• [WORK REQUIRED]
The answer is one number. Say how many lines in the entries below include the word "case".

== Segment start ==

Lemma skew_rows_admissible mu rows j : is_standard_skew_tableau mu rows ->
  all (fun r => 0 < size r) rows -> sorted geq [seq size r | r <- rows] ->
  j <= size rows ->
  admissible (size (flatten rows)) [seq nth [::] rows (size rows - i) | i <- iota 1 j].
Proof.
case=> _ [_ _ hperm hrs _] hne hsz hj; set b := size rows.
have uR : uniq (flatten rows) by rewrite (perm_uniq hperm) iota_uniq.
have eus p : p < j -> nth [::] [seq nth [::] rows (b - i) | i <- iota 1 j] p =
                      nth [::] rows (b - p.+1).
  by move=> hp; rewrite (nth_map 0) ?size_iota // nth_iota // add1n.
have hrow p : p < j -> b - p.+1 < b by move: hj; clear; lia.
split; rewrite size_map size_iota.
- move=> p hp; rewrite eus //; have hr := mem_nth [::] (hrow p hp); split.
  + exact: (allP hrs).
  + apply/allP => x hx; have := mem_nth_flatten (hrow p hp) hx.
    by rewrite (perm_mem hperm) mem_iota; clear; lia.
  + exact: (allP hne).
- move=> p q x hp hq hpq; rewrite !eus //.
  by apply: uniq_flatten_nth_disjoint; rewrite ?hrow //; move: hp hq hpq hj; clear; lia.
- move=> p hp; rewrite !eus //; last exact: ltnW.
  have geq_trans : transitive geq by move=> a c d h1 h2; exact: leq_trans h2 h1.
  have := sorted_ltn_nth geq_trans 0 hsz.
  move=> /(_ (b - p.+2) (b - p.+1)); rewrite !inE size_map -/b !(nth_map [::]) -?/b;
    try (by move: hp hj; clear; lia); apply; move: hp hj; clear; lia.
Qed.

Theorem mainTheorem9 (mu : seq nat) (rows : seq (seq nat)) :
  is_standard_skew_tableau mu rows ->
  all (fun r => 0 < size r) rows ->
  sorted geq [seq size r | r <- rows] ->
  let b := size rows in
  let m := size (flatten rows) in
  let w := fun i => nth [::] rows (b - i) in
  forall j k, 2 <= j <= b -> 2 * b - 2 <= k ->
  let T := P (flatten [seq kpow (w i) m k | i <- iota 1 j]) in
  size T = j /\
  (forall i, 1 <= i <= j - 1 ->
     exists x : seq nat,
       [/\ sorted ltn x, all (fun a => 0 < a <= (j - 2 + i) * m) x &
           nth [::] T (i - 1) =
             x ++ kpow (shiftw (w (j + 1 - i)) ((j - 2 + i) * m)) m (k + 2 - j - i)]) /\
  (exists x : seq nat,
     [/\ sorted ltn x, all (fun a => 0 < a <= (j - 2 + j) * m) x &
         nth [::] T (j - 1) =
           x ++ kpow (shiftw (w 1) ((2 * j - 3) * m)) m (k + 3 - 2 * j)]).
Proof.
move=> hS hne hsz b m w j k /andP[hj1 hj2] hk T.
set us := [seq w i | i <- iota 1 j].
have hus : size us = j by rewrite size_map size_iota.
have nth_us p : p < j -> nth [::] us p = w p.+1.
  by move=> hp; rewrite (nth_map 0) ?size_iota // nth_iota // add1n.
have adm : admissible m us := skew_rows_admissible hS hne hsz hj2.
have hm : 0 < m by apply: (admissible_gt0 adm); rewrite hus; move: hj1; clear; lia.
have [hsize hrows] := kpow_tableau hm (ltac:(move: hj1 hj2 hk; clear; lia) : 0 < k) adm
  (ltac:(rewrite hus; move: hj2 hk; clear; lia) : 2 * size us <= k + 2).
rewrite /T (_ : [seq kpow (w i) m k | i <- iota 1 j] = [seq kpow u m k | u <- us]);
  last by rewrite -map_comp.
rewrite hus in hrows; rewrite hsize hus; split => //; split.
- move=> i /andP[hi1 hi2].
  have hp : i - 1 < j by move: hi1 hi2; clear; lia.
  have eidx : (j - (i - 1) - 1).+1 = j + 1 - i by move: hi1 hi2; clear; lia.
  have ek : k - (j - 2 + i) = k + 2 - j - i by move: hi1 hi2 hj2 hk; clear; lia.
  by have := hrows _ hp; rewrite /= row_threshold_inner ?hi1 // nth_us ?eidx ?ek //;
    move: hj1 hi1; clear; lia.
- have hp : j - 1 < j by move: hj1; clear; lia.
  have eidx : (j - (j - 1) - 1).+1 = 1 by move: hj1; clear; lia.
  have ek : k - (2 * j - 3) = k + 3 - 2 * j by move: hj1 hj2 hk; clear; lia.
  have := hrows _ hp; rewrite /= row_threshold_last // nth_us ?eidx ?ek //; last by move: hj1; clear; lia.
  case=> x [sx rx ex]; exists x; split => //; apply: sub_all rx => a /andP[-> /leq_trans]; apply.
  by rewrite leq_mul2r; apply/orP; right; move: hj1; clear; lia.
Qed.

== Segment end ==

• [WRITTEN REPLY]
2